* Çizim: Ercan Altuntaş
8 Kasım 2021: Altıncı duruşmanın ilk oturumu yapıldı. Mahkeme heyeti başkanı Bahtiyar Çolak görevden alındı, yerine Yıldıray Kaya başkan olarak atandı. Avukatlar, dosyaya gelen evrak sayısı ve duruşma periyodlarının sıklığına dikkat çekerek, savunmaya hazırlık için yeterli sürelerinin olmadığını belirtti. Adil yargılamaya uygun bir periyod oluşturulmasını istedi.
9 Kasım 2021: Avukatlar, duruşma periyodlarının yeniden düzenlenmesi taleplerinin karara bağlanmaması nedeniyle duruşmaya katılmadı. Mazeretleri bildirmek için sadece iki avukat katıldı.
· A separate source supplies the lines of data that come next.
Lemma Kweight_adj a b : ((a == b.+1) || (b == a.+1))%N -> Kweight a b = s^-1.
Proof.
move=> h; rewrite /Kweight ifN; last by lia.
by have -> : `|a - b|%N == 1%N by lia.
Qed.

Lemma Kweight_far a b : ((a.+1 < b) || (b.+1 < a))%N -> Kweight a b = 1.
Proof. by move=> h; rewrite /Kweight !ifN //; lia. Qed.

Lemma skew_Kinv_F a b : (1 <= a <= ell)%N -> (1 <= b <= ell)%N ->
  skew_comm (Kinv a) (F b) (Kweight a b).
Proof.
move=> ha hb; have KEK : K a * E b * Kinv a = Kweight a b *: E b.
  case: HU => _ _ [_ KEKinv] _ _; rewrite KEKinv //.
  by rewrite /Kweight; case: ifP => // _; case: ifP => // _; rewrite scale1r.
have KFK : Kinv a * F b * K a = Kweight a b *: F b.
  by rewrite -(star_Kinv ha) -(star_K ha) -!(starM Hst) mulrA KEK (starZ Hst).
by rewrite /skew_comm -[Kinv a * F b]mulr1 -(K_Kinv ha) mulrA KFK scalerAl.
Qed.

Lemma skew_F_K a b : (1 <= a <= ell)%N -> (1 <= b <= ell)%N ->
  skew_comm (F b) (K a) (Kweight a b).
Proof.
move=> ha hb; rewrite /skew_comm -[F b * K a]mul1r -(K_Kinv ha) -mulrA.
rewrite (mulrA (Kinv a)) (skew_Kinv_F ha hb) -scalerAl -scalerAr -(mulrA (F b)).
by rewrite Kinv_K // mulr1.
Qed.

Lemma skew_K_F a b : (1 <= a <= ell)%N -> (1 <= b <= ell)%N ->
  skew_comm (K a) (F b) (Kweight a b)^-1.
Proof. by move=> ha hb; apply/skew_commV/skew_F_K; rewrite ?Kweight_neq0. Qed.

Lemma skew_F_Kinv a b : (1 <= a <= ell)%N -> (1 <= b <= ell)%N ->
  skew_comm (F b) (Kinv a) (Kweight a b)^-1.
Proof. by move=> ha hb; apply/skew_commV/skew_Kinv_F; rewrite ?Kweight_neq0. Qed.

Lemma commr_F a b : (1 <= a <= ell)%N -> (1 <= b <= ell)%N -> (1 < `|a - b|)%N ->
  GRing.comm (F a) (F b).
Proof.
move=> ha hb hab; case: HU => _ _ _ _ [_ farE].
by rewrite /GRing.comm -!(starM Hst) (farE a b).
Qed.

(** The elements M_{jk}^* *)

Lemma Ms_diag j : Ms j j = F j.
Proof. by rewrite /Mel subnn. Qed.

Lemma Ms_rec j k : (j < k)%N -> Ms j k = qcomm q (Ms j.+1 k) (F j).
Proof.
by move=> jk; rewrite /Mel -(subnSK jk) /= (star_qcomm Hst).
Qed.

Lemma skew_comm_Ms y j k (w : nat -> R) : (j <= k)%N ->
  (forall b, (j <= b <= k)%N -> skew_comm y (F b) (w b)) ->
  skew_comm y (Ms j k) (\prod_(j <= b < k.+1) w b).
Proof.
move=> jk; move Hn : (k - j)%N => n; elim: n j Hn jk => [|n IH] j Hn jk H.
  have -> : k = j by lia.
  by rewrite Ms_diag big_nat1; apply: H; lia.
rewrite Ms_rec; last by lia.
rewrite big_ltn; last by lia.
rewrite mulrC; apply: skew_comm_qcomm; last by apply: H; lia.
by apply: IH; [lia|lia|move=> b hb; apply: H; lia].
Qed.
11 Kasım 2021: Avukatların duruşma periyodlarına dair talepleri reddedildi. Mahkeme heyeti, duruşmaya katılmayan avukatlar hakkında işlem yapılacağını açıkladı. Tutuklu siyasetçilerin koğuşlarda bilgisayar ve internet bulundurulması talebini "mahkemenin vereceği bir karar olmadığı" gerekçesiyle reddeden heyet, yargılanan siyasetçilerin milletvekili olduğu dönemde yaptıkları konuşmaların Meclis'ten istenmesine karar verdi.
Öte yandan, duruşma devam ederken Hâkimler ve Savcılar Kurulu'na giden avukatlar, mahkeme heyeti hakkında "görevi kötüye kullanma" suçlamasıyla başvuruda bulundu. Bu başvuru, işleme dahi konulmadı. Gerekçesi de açıklanmadı.
29 Kasım 2021: Yedinci duruşmada mahkeme heyeti başkanının ardından heyet üyesinin de değiştirildiği görüldü. Avukatlar, bu durumu Adalet Bakanlığı'nın davaya müdahalesi olarak değerlendirdi.
47 kişinin "müşteki" sıfatıyla alınan ifadeleri dosyaya eklendi. Bunlardan sadece 10 kişi şikâyetçi olduğunu belirtti, diğerleri katılma talebinde bulunmadı.
Duruşmada konuşan Dilek Yağlı'nın konuşmasına müdahale edildi. "Sizi savunma yapmak üzere çağırdım" diyen mahkeme başkanına Yağlı, "Hayır, ben savunma vermiyorum, bu durumda ne yapacaksınız?" dedi. Mahkeme başkanı, "görürsünüz" diyerek soru sormaya başladı. Savunma vermeyeceğini yineleyen Yağlı, heyeti reddettiğini belirtti.
Mahkeme heyeti, reddi hâkim ve duruşmalara makul süre verilmesi taleplerini reddetti. Avukatlar, mahkemenin kararını sıralara vurarak ve alkışlarla protesto etti.
30 Kasım 2021: Duruşma periyodlarının değişmesi talepleri reddedilen avukatlar ve tutuklu siyasetçiler duruşmaya katılmadı. Salonda sadece bazı AKP milletvekilleri, çevik kuvvet polisleri ve askerler yer aldı. Mahkeme heyetinin gelmemesi nedeniyle 5 saat gecikmeli başlayan duruşmada, Av. Cihan Aydın, reddi hâkim taleplerinin bir üst mahkemeye taşınmasını talep etti. Talep kabul edildi.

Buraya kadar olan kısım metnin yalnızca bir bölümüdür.